# AIM OF THE TASK:
What is needed is an exact copy of all the data.

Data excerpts
Lemma spread_Src y : Tgt y -> Src (spread y).
Proof.
move/TgtP => [y0 s1 [u [v [euv yu yv]]] [u' [v' [euv' yu' yv']]] ys].
have c1_ge0 : 0 <= y (inr true) / #|V1|%:R by rewrite divr_ge0.
have c2_ge0 : 0 <= y (inr false) / #|V2|%:R by rewrite divr_ge0.
apply/SrcP; split.
- by case=> w /=; apply: addr_ge0.
- rewrite sum_src /= !big_split /= !sum_const_div ?card_V1_gt0 ?card_V2_gt0 //.
  by rewrite -s1 sum_tgt addrACA.
- case: ys => h; [left|right].
  + apply/(edge_depth_eq0P e1_ab) => [w|]; first exact: addr_ge0.
    by exists u, v; rewrite /= h mul0r yu yv !addr0.
  + apply/(edge_depth_eq0P e2_ab) => [w|]; first exact: addr_ge0.
    by exists u', v'; rewrite /= h mul0r yu' yv' !addr0.
Qed.

(* collapse o spread is the identity on the target: spreading raises each
   block, which had depth 0, exactly by its suspension coordinate. *)
Lemma collapseK y : Tgt y -> collapse (spread y) = y.
Proof.
move/TgtP => [y0 s1 [u [v [euv yu yv]]] [u' [v' [euv' yu' yv']]] _].
set c1 := y (inr true) / #|V1|%:R; set c2 := y (inr false) / #|V2|%:R.
have c1_ge0 : 0 <= c1 by rewrite divr_ge0.
have c2_ge0 : 0 <= c2 by rewrite divr_ge0.
have D1 : depth1 (spread y) = c1.
  apply: (edge_depth_shift e1_ab (x := fun v => y (inl (inl v)))) => //.
  by apply/edge_depth_eq0P => //; exists u, v.
have D2 : depth2 (spread y) = c2.
  apply: (edge_depth_shift e2_ab (x := fun v => y (inl (inr v)))) => //.
  by apply/edge_depth_eq0P => //; exists u', v'.
apply/funext => -[[w|w]|[|]]; rewrite /collapse ?D1 ?D2 /spread.
- by rewrite addrK max_l.
- by rewrite addrK max_l.
- by rewrite (eq_bigr (fun _ => c1)) ?sum_const_div ?card_V1_gt0 // => i _;
     rewrite min_r // lerDr.
- by rewrite (eq_bigr (fun _ => c2)) ?sum_const_div ?card_V2_gt0 // => i _;
     rewrite min_r // lerDr.
Qed.

Lemma spread_collapse_inl x : (forall w, 0 <= x w) -> depth1 x = 0 ->
  forall v, spread (collapse x) (inl v) = x (inl v).
Proof.
move=> x0 d0 v /=; rewrite d0 subr0 max_l // big1 ?mul0r ?addr0 // => w _.
by rewrite min_r.
Qed.

Lemma spread_collapse_inr x : (forall w, 0 <= x w) -> depth2 x = 0 ->
  forall v, spread (collapse x) (inr v) = x (inr v).
Proof.
move=> x0 d0 v /=; rewrite d0 subr0 max_l // big1 ?mul0r ?addr0 // => w _.
by rewrite min_r.
Qed.

Definition segment (p : RR * RV (V1 + V2)%type) : RV (V1 + V2)%type :=
  fun w => (1 - p.1) * spread (collapse p.2) w + p.1 * p.2 w.

Lemma segment_Src t x : 0 <= t <= 1 -> Src x -> Src (segment (t, x)).
Proof.
move=> /andP [t0 t1] Sx; have /SrcP [gf0 gf1 _] := spread_Src (collapse_Tgt Sx).
have /SrcP [x0 s1 d0] := Sx.
have fixed_block w : spread (collapse x) w = x w -> segment (t, x) w = x w.
  by rewrite /segment /= => ->; rewrite -mulrDl subrK mul1r.
apply/SrcP; split.
- by move=> w; rewrite addr_ge0 // mulr_ge0 // subr_ge0.
- by rewrite big_split /= -!mulr_sumr gf1 s1 !mulr1 subrK.
- case: d0 => h; [left|right]; rewrite -h; congr edge_depth; apply/funext => v.
  + exact/fixed_block/spread_collapse_inl.
  + exact/fixed_block/spread_collapse_inr.
Qed.

Lemma depth1_continuous : continuous depth1.
Proof.
move=> x; apply: (continuous_comp (f := fun x : RV (V1 + V2)%type => (fun v => x (inl v)) : RV V1)).
  by apply: continuous_ptws => v; exact: continuous_coord.
exact: edge_depth_continuous.
Qed.

Lemma depth2_continuous : continuous depth2.
Proof.
move=> x; apply: (continuous_comp (f := fun x : RV (V1 + V2)%type => (fun v => x (inr v)) : RV V2)).
  by apply: continuous_ptws => v; exact: continuous_coord.
exact: edge_depth_continuous.
Qed.

Lemma collapse_continuous : continuous collapse.
Proof.
apply: continuous_ptws => -[[v|v]|[|]]; rewrite /collapse.
- by apply: continuous_maxr; [apply: continuous_add; [exact: continuous_coord
    | exact/continuous_opp/depth1_continuous] | exact: cst_continuous].
- by apply: continuous_maxr; [apply: continuous_add; [exact: continuous_coord
    | exact/continuous_opp/depth2_continuous] | exact: cst_continuous].
- by apply: continuous_bigsum => v; apply: continuous_minr;
    [exact: continuous_coord | exact: depth1_continuous].
- by apply: continuous_bigsum => v; apply: continuous_minr;
    [exact: continuous_coord | exact: depth2_continuous].
Qed.

Lemma spread_continuous : continuous spread.
Proof.
apply: continuous_ptws => -[v|v]; rewrite /spread;
  by apply: continuous_add; [|apply: continuous_mul; [|exact: cst_continuous]];
     exact: continuous_coord.
Qed.

Lemma segment_continuous : continuous segment.
Proof.
apply: continuous_ptws => w; rewrite /segment.
apply: continuous_add; apply: continuous_mul; try exact: continuous_fst.
- by apply: continuous_add; [exact: cst_continuous | exact/continuous_opp/continuous_fst].
- move=> p; apply: (@continuous_comp _ _ _ snd (fun x => spread (collapse x) w)).
    exact: continuous_snd.
  apply: (@continuous_comp _ _ _ collapse (fun y => spread y w)).
    exact: collapse_continuous.
  apply: (@continuous_comp _ _ _ spread (fun x : RV _ => x w)).
    exact: spread_continuous.
  exact: continuous_coord.
- move=> p; apply: (@continuous_comp _ _ _ snd (fun x : RV _ => x w)).
    exact: continuous_snd.
  exact: continuous_coord.
Qed.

# RESULT BELOW:
Lemma spread_Src y : Tgt y -> Src (spread y).
Proof.
move/TgtP => [y0 s1 [u [v [euv yu yv]]] [u' [v' [euv' yu' yv']]] ys].
have c1_ge0 : 0 <= y (inr true) / #|V1|%:R by rewrite divr_ge0.
have c2_ge0 : 0 <= y (inr false) / #|V2|%:R by rewrite divr_ge0.
apply/SrcP; split.
- by case=> w /=; apply: addr_ge0.
- rewrite sum_src /= !big_split /= !sum_const_div ?card_V1_gt0 ?card_V2_gt0 //.
  by rewrite -s1 sum_tgt addrACA.
- case: ys => h; [left|right].
  + apply/(edge_depth_eq0P e1_ab) => [w|]; first exact: addr_ge0.
    by exists u, v; rewrite /= h mul0r yu yv !addr0.
  + apply/(edge_depth_eq0P e2_ab) => [w|]; first exact: addr_ge0.
    by exists u', v'; rewrite /= h mul0r yu' yv' !addr0.
Qed.

(* collapse o spread is the identity on the target: spreading raises each
   block, which had depth 0, exactly by its suspension coordinate. *)
Lemma collapseK y : Tgt y -> collapse (spread y) = y.
Proof.
move/TgtP => [y0 s1 [u [v [euv yu yv]]] [u' [v' [euv' yu' yv']]] _].
set c1 := y (inr true) / #|V1|%:R; set c2 := y (inr false) / #|V2|%:R.
have c1_ge0 : 0 <= c1 by rewrite divr_ge0.
have c2_ge0 : 0 <= c2 by rewrite divr_ge0.
have D1 : depth1 (spread y) = c1.
  apply: (edge_depth_shift e1_ab (x := fun v => y (inl (inl v)))) => //.
  by apply/edge_depth_eq0P => //; exists u, v.
have D2 : depth2 (spread y) = c2.
  apply: (edge_depth_shift e2_ab (x := fun v => y (inl (inr v)))) => //.
  by apply/edge_depth_eq0P => //; exists u', v'.
apply/funext => -[[w|w]|[|]]; rewrite /collapse ?D1 ?D2 /spread.
- by rewrite addrK max_l.
- by rewrite addrK max_l.
- by rewrite (eq_bigr (fun _ => c1)) ?sum_const_div ?card_V1_gt0 // => i _;
     rewrite min_r // lerDr.
- by rewrite (eq_bigr (fun _ => c2)) ?sum_const_div ?card_V2_gt0 // => i _;
     rewrite min_r // lerDr.
Qed.

Lemma spread_collapse_inl x : (forall w, 0 <= x w) -> depth1 x = 0 ->
  forall v, spread (collapse x) (inl v) = x (inl v).
Proof.
move=> x0 d0 v /=; rewrite d0 subr0 max_l // big1 ?mul0r ?addr0 // => w _.
by rewrite min_r.
Qed.

Lemma spread_collapse_inr x : (forall w, 0 <= x w) -> depth2 x = 0 ->
  forall v, spread (collapse x) (inr v) = x (inr v).
Proof.
move=> x0 d0 v /=; rewrite d0 subr0 max_l // big1 ?mul0r ?addr0 // => w _.
by rewrite min_r.
Qed.

Definition segment (p : RR * RV (V1 + V2)%type) : RV (V1 + V2)%type :=
  fun w => (1 - p.1) * spread (collapse p.2) w + p.1 * p.2 w.

Lemma segment_Src t x : 0 <= t <= 1 -> Src x -> Src (segment (t, x)).
Proof.
move=> /andP [t0 t1] Sx; have /SrcP [gf0 gf1 _] := spread_Src (collapse_Tgt Sx).
have /SrcP [x0 s1 d0] := Sx.
have fixed_block w : spread (collapse x) w = x w -> segment (t, x) w = x w.
  by rewrite /segment /= => ->; rewrite -mulrDl subrK mul1r.
apply/SrcP; split.
- by move=> w; rewrite addr_ge0 // mulr_ge0 // subr_ge0.
- by rewrite big_split /= -!mulr_sumr gf1 s1 !mulr1 subrK.
- case: d0 => h; [left|right]; rewrite -h; congr edge_depth; apply/funext => v.
  + exact/fixed_block/spread_collapse_inl.
  + exact/fixed_block/spread_collapse_inr.
Qed.

Lemma depth1_continuous : continuous depth1.
Proof.
move=> x; apply: (continuous_comp (f := fun x : RV (V1 + V2)%type => (fun v => x (inl v)) : RV V1)).
  by apply: continuous_ptws => v; exact: continuous_coord.
exact: edge_depth_continuous.
Qed.

Lemma depth2_continuous : continuous depth2.
Proof.
move=> x; apply: (continuous_comp (f := fun x : RV (V1 + V2)%type => (fun v => x (inr v)) : RV V2)).
  by apply: continuous_ptws => v; exact: continuous_coord.
exact: edge_depth_continuous.
Qed.

Lemma collapse_continuous : continuous collapse.
Proof.
apply: continuous_ptws => -[[v|v]|[|]]; rewrite /collapse.
- by apply: continuous_maxr; [apply: continuous_add; [exact: continuous_coord
    | exact/continuous_opp/depth1_continuous] | exact: cst_continuous].
- by apply: continuous_maxr; [apply: continuous_add; [exact: continuous_coord
    | exact/continuous_opp/depth2_continuous] | exact: cst_continuous].
- by apply: continuous_bigsum => v; apply: continuous_minr;
    [exact: continuous_coord | exact: depth1_continuous].
- by apply: continuous_bigsum => v; apply: continuous_minr;
    [exact: continuous_coord | exact: depth2_continuous].
Qed.

Lemma spread_continuous : continuous spread.
Proof.
apply: continuous_ptws => -[v|v]; rewrite /spread;
  by apply: continuous_add; [|apply: continuous_mul; [|exact: cst_continuous]];
     exact: continuous_coord.
Qed.

Lemma segment_continuous : continuous segment.
Proof.
apply: continuous_ptws => w; rewrite /segment.
apply: continuous_add; apply: continuous_mul; try exact: continuous_fst.
- by apply: continuous_add; [exact: cst_continuous | exact/continuous_opp/continuous_fst].
- move=> p; apply: (@continuous_comp _ _ _ snd (fun x => spread (collapse x) w)).
    exact: continuous_snd.
  apply: (@continuous_comp _ _ _ collapse (fun y => spread y w)).
    exact: collapse_continuous.
  apply: (@continuous_comp _ _ _ spread (fun x : RV _ => x w)).
    exact: spread_continuous.
  exact: continuous_coord.
- move=> p; apply: (@continuous_comp _ _ _ snd (fun x : RV _ => x w)).
    exact: continuous_snd.
  exact: continuous_coord.
Qed.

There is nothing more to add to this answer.